Problem statement » Only the line with "by rewrite (coef_exp_low" and the lines after it, to the end of the data, should appear in the answer, each reproduced exactly.

Dataset entries:
--------------------

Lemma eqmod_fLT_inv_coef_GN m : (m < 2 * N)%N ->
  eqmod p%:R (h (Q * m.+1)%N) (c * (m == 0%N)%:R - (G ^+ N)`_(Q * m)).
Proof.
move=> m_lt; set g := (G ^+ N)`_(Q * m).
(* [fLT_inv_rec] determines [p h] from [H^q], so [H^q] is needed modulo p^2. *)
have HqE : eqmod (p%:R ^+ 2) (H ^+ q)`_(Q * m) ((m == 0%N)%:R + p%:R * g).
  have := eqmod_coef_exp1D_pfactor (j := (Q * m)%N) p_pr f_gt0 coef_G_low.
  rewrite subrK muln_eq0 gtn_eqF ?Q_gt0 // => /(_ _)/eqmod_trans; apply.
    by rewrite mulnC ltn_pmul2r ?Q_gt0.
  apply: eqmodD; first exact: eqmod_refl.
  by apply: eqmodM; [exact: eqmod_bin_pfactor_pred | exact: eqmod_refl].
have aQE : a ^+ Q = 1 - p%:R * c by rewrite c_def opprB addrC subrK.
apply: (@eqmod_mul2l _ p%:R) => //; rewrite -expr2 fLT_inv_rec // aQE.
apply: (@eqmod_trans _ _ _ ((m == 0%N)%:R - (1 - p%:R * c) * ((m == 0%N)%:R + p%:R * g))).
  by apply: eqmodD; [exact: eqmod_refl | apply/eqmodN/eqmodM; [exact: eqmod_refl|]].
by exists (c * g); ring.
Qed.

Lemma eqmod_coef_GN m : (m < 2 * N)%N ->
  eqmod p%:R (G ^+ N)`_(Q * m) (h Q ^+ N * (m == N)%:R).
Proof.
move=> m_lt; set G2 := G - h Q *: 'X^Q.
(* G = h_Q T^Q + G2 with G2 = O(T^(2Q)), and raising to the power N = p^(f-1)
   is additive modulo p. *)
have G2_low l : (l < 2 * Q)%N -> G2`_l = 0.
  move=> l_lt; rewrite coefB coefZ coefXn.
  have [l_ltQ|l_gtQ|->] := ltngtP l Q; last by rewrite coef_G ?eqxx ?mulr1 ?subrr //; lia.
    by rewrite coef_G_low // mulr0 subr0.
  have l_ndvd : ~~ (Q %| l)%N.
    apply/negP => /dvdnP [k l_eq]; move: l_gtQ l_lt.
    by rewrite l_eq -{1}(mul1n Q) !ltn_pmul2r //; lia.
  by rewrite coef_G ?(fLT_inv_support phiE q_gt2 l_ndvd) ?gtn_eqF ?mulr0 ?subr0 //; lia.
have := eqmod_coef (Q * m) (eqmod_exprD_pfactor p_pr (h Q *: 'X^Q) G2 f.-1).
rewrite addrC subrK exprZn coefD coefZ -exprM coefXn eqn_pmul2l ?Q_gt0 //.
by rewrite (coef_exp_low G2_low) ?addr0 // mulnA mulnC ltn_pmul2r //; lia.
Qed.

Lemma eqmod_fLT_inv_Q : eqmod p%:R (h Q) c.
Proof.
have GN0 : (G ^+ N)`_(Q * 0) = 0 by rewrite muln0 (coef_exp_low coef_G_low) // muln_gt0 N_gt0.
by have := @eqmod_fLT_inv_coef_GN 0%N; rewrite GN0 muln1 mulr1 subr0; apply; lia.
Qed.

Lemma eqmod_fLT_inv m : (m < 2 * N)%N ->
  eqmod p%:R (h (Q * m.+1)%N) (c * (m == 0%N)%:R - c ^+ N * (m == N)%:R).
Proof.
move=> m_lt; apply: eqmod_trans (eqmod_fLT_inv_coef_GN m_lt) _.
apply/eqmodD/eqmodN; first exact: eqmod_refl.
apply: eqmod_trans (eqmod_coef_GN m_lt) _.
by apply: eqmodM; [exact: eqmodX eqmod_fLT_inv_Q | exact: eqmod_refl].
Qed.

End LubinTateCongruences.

--------------------

Output of the exercise »
by rewrite (coef_exp_low G2_low) ?addr0 // mulnA mulnC ltn_pmul2r //; lia.
Qed.

Lemma eqmod_fLT_inv_Q : eqmod p%:R (h Q) c.
Proof.
have GN0 : (G ^+ N)`_(Q * 0) = 0 by rewrite muln0 (coef_exp_low coef_G_low) // muln_gt0 N_gt0.
by have := @eqmod_fLT_inv_coef_GN 0%N; rewrite GN0 muln1 mulr1 subr0; apply; lia.
Qed.

Lemma eqmod_fLT_inv m : (m < 2 * N)%N ->
  eqmod p%:R (h (Q * m.+1)%N) (c * (m == 0%N)%:R - c ^+ N * (m == N)%:R).
Proof.
move=> m_lt; apply: eqmod_trans (eqmod_fLT_inv_coef_GN m_lt) _.
apply/eqmodD/eqmodN; first exact: eqmod_refl.
apply: eqmod_trans (eqmod_coef_GN m_lt) _.
by apply: eqmodM; [exact: eqmodX eqmod_fLT_inv_Q | exact: eqmod_refl].
Qed.

End LubinTateCongruences.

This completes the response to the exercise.